▸ Task to complete: State, as a single number, how many lines in the data below contain "Require".

[[ Provided data open ]]

(* Let $\mathcal F$ be any r-forest in $G$. Then there exists a $\hat G$-r-forest $\hat{\mathcal F}$ such that $\hat F(\hat{\mathcal F})\le F(\mathcal F)$ and $\hat{\mathcal F}$ has at most $2r-2$ non-terminal vertices.
   Context: Let $G=(V,E)$ be a connected undirected network with $n$ vertices and edge lengths $c_e>0$. Let $\mathcal R=\{\{v_1,u_1\},\dots,\{v_r,u_r\}\}$ be a set of $r\ge2$ relevant pairs (r-pairs) of vertices, with $r$ a fixed constant. The objective $\Phi$ is a non-decreasing function of the connection times $(t_{\{v_i,u_i\}})_{i=1}^r$, computable in $O(r)$ time from them. A terminal vertex is a vertex belonging to some r-pair. An r-forest is a subnetwork $\mathcal F$ of the network such that: (a) $\mathcal F$ is a forest; (b) every r-pair $\{v,u\}$ is joined by a (unique) path $P_{\mathcal F}(v,u)$ in $\mathcal F$; (c) every edge of $\mathcal F$ lies on $P_{\mathcal F}(v,u)$ for some r-pair $\{v,u\}$. For an r-forest $\mathcal F$, consider orderings $(e_1,\dots,e_f)$ of all edges of $\mathcal F$, built consecutively at unit speed from time $0$, so that $e_k$ is completed at time $\sum_{j\le k}c_{e_j}$. The connection time of an r-pair is the completion time of the last-built edge of its path in $\mathcal F$. $F(\mathcal F)$ denotes the minimum of $\Phi$ over all such orderings. This is the best objective value achievable when $\mathcal F$ is the set of edges built before all r-pairs are connected. $\hat G$ is the metric closure of $G$: the complete network on $V$ in which the length of edge $(u,v)$ equals the shortest-path distance between $u$ and $v$ in $G$. A $\hat G$-r-forest is an r-forest in $\hat G$ (for the same r-pairs). For a $\hat G$-r-forest $\hat{\mathcal F}$, $\hat F(\hat{\mathcal F})$ is defined as $F(\cdot)$ above but with $\hat G$-lengths. A non-terminal vertex of $\hat{\mathcal F}$ is a vertex of $\hat{\mathcal F}$ that is not a terminal vertex. *)

From HB Require Import structures.
From mathcomp Require Import all_boot all_order all_algebra.
From mathcomp Require Import boolp.
Set Implicit Arguments. Unset Strict Implicit. Unset Printing Implicit Defensive.
Import Order.TTheory GRing.Theory Num.Theory.
Local Open Scope ring_scope.

(* A (simple, undirected) network on the finite vertex type V is a set of
   edges E : {set {set V}}, each edge being a 2-element set {u,v}, together
   with an edge-length function c : {set V} -> R. *)

Section Defs.
Variables (V : finType) (R : realFieldType).

Definition adj (F : {set {set V}}) (x y : V) : bool := [set x; y] \in F.

(* p is a walk from x to y in F (x :: p is the vertex sequence) *)
Definition walk (F : {set {set V}}) (x : V) (p : seq V) (y : V) : bool :=
  path (adj F) x p && (last x p == y).

Definition walk_len (c : {set V} -> R) (x : V) (p : seq V) : R :=
  \sum_(ab <- zip (x :: p) p) c [set ab.1; ab.2].

Definition walk_uses (e : {set V}) (x : V) (p : seq V) : bool :=
  has (fun ab : V * V => [set ab.1; ab.2] == e) (zip (x :: p) p).

Definition connected (E : {set {set V}}) : Prop :=
  forall x y : V, exists p, walk E x p y.

Definition is_sp_dist (E : {set {set V}}) (c : {set V} -> R) (x y : V) (d : R)
  : Prop :=
  (exists p, walk E x p y /\ walk_len c x p = d) /\
  (forall p, walk E x p y -> d <= walk_len c x p).

(* a cycle: at least 3 distinct vertices, consecutive ones adjacent, closed *)
Definition is_forest (F : {set {set V}}) : Prop :=
  ~ exists (x : V) (p : seq V),
      [/\ uniq (x :: p), (2 <= size p)%N, path (adj F) x p & adj F (last x p) x].

Definition on_path (F : {set {set V}}) (v u : V) (e : {set V}) : Prop :=
  exists p, [/\ walk F v p u, uniq (v :: p) & walk_uses e v p].

Definition r_forest (E : {set {set V}}) (r : nat) (pairs : 'I_r -> V * V)
  (F : {set {set V}}) : Prop :=
  [/\ F \subset E,
      is_forest F,
      (forall i, exists p, walk F (pairs i).1 p (pairs i).2) &
      (forall e, e \in F -> exists i, on_path F (pairs i).1 (pairs i).2 e)].

Definition completion (c : {set V} -> R) (s : seq {set V}) (e : {set V}) : R :=
  \sum_(e' <- take (index e s).+1 s) c e'.

Definition conn_time (F : {set {set V}}) (c : {set V} -> R)
  (s : seq {set V}) (v u : V) : R :=
  \big[Num.max/0]_(e <- s | `[< on_path F v u e >]) completion c s e.

Definition obj (r : nat) (pairs : 'I_r -> V * V) (Phi : ('I_r -> R) -> R)
  (F : {set {set V}}) (c : {set V} -> R) : R :=
  let val s := Phi (fun i => conn_time F c s (pairs i).1 (pairs i).2) in
  foldr (fun s acc => Num.min (val s) acc) (val (enum F))
        (permutations (enum F)).

Definition terminals (r : nat) (pairs : 'I_r -> V * V) : {set V} :=
  [set x | [exists i, (x == (pairs i).1) || (x == (pairs i).2)]].

Definition forest_vertices (F : {set {set V}}) : {set V} :=
  \bigcup_(e in F) e.

Definition nonterminals (r : nat) (pairs : 'I_r -> V * V)
  (F : {set {set V}}) : {set V} :=
  forest_vertices F :\: terminals pairs.

(* edge set of the metric closure: all pairs of distinct vertices *)
Definition complete_edges : {set {set V}} := [set e : {set V} | #|e| == 2].

End Defs.

From HB Require Import structures.
From mathcomp Require Import all_boot all_order all_algebra zify boolp.
Import Order.TTheory GRing.Theory Num.Theory.
Set Implicit Arguments. Unset Strict Implicit. Unset Printing Implicit Defensive.

(* Metric-closure lengths are at most the original lengths, so F itself, read
   in the metric closure, is no worse.  In an r-forest every nonterminal
   vertex is interior to a pair path, hence has degree >= 2.  A nonterminal w
   of degree 2 with neighbours a, b is shortcut: replace wa and wb by ab.  In
   an optimal building order, building ab in place of the later of wa, wb and
   dropping the other connects every pair no later, by the triangle
   inequality; and the forest loses an edge.  When no such vertex is left,
   terminals have degree >= 1 and nonterminals degree >= 3, so the handshake
   identity and #edges < #vertices give
   #nonterminals <= #terminals - 2 <= 2r - 2. *)

Section Forests.
Variable V : finType.
Implicit Types (G : {set {set V}}) (e : {set V}) (x y z v w : V) (p : seq V).

Definition simple_graph G := forall e, e \in G -> #|e| = 2.

Definition deg G v := #|[set e in G | v \in e]|.

Lemma adjC G x y : adj G x y = adj G y x.
Proof. by rewrite /adj setUC. Qed.

Lemma adj_neq G x y : simple_graph G -> adj G x y -> x != y.
Proof.
move=> HG Gxy; apply/eqP=> exy; subst y.
by have := HG _ Gxy; rewrite setUid cards1.
Qed.

Lemma simple_edgeP G e v : simple_graph G -> e \in G -> v \in e ->
  exists2 z, z != v & e = [set v; z].
Proof.
move=> HG Ge ve; have /eqP/cards2P [x [y [nxy exy]]] := HG _ Ge.
subst e; move: ve; rewrite in_set2 => /orP [] /eqP ->.
  by exists y; rewrite // eq_sym.
by exists x; rewrite // setUC.
Qed.

Lemma walk_uses_cons e x y p :
  walk_uses e x (y :: p) = ([set x; y] == e) || walk_uses e y p.
Proof. by []. Qed.

Lemma mem_walk_uses e x p v : walk_uses e x p -> v \in e -> v \in x :: p.
Proof.
elim: p x => [|y p IH] x //; rewrite walk_uses_cons => /orP [/eqP <-|].
  by rewrite in_set2 !inE => /orP [] ->; rewrite ?orbT.
by move=> /IH H /H vp; rewrite inE vp orbT.
Qed.

Lemma is_forestS G1 G2 : G1 \subset G2 -> is_forest G2 -> is_forest G1.
Proof.
move=> /subsetP S12 HF [x [p [U Sz P A]]]; apply: HF; exists x, p; split => //.
- by apply: sub_path P => u v; apply: S12.
- exact: S12.
Qed.

Lemma interior_neighbours G x p v : path (adj G) x p -> uniq (x :: p) ->
  v \in p -> v != last x p -> exists y z, [/\ y != z, adj G y v & adj G v z].
Proof.
move=> + + vp; case/splitPr: vp => p1 [|z p2] P U; first by rewrite last_cat /= eqxx.
move=> _; exists (last x p1), z.
move: P; rewrite cat_path /= => /and3P [_ A1 /andP [A2 _]]; split => //.
apply/eqP => Ez; move: U; rewrite -cat_cons cat_uniq => /and3P [_ + _].
by rewrite /= -Ez mem_last !orbT.
Qed.

Lemma forest_verticesP G v :
  reflect (exists2 e, e \in G & v \in e) (v \in forest_vertices G).
Proof. exact: bigcupP. Qed.

Lemma deg_gt0 G v : v \in forest_vertices G -> 0 < deg G v.
Proof.
move/forest_verticesP => [e Ge ve]; rewrite /deg card_gt0; apply/set0Pn.
by exists e; rewrite inE Ge ve.
Qed.

Lemma adj_forest_vertices G x y : adj G x y -> y \in forest_vertices G.
Proof. by move=> A; apply/forest_verticesP; exists [set x; y]; rewrite ?set22. Qed.

Lemma other_neighbour G v z0 : simple_graph G -> 1 < deg G v ->
  exists2 z, adj G v z & z != z0.
Proof.
move=> HG /card_gt1P [e1 [e2 [+ + ne12]]]; rewrite !inE => /andP [G1 v1] /andP [G2 v2].
have [z1 nz1 E1] := simple_edgeP HG G1 v1.
have [z2 nz2 E2] := simple_edgeP HG G2 v2.
have nz12 : z1 != z2 by apply: contraNneq ne12 => ez; rewrite E1 E2 ez.
case: (eqVneq z1 z0) => [<-|nz10]; last by exists z1; rewrite // /adj -E1.
by exists z2; rewrite 1?eq_sym // /adj -E2.
Qed.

[[ Provided data closed ]]

▸ Response box: 5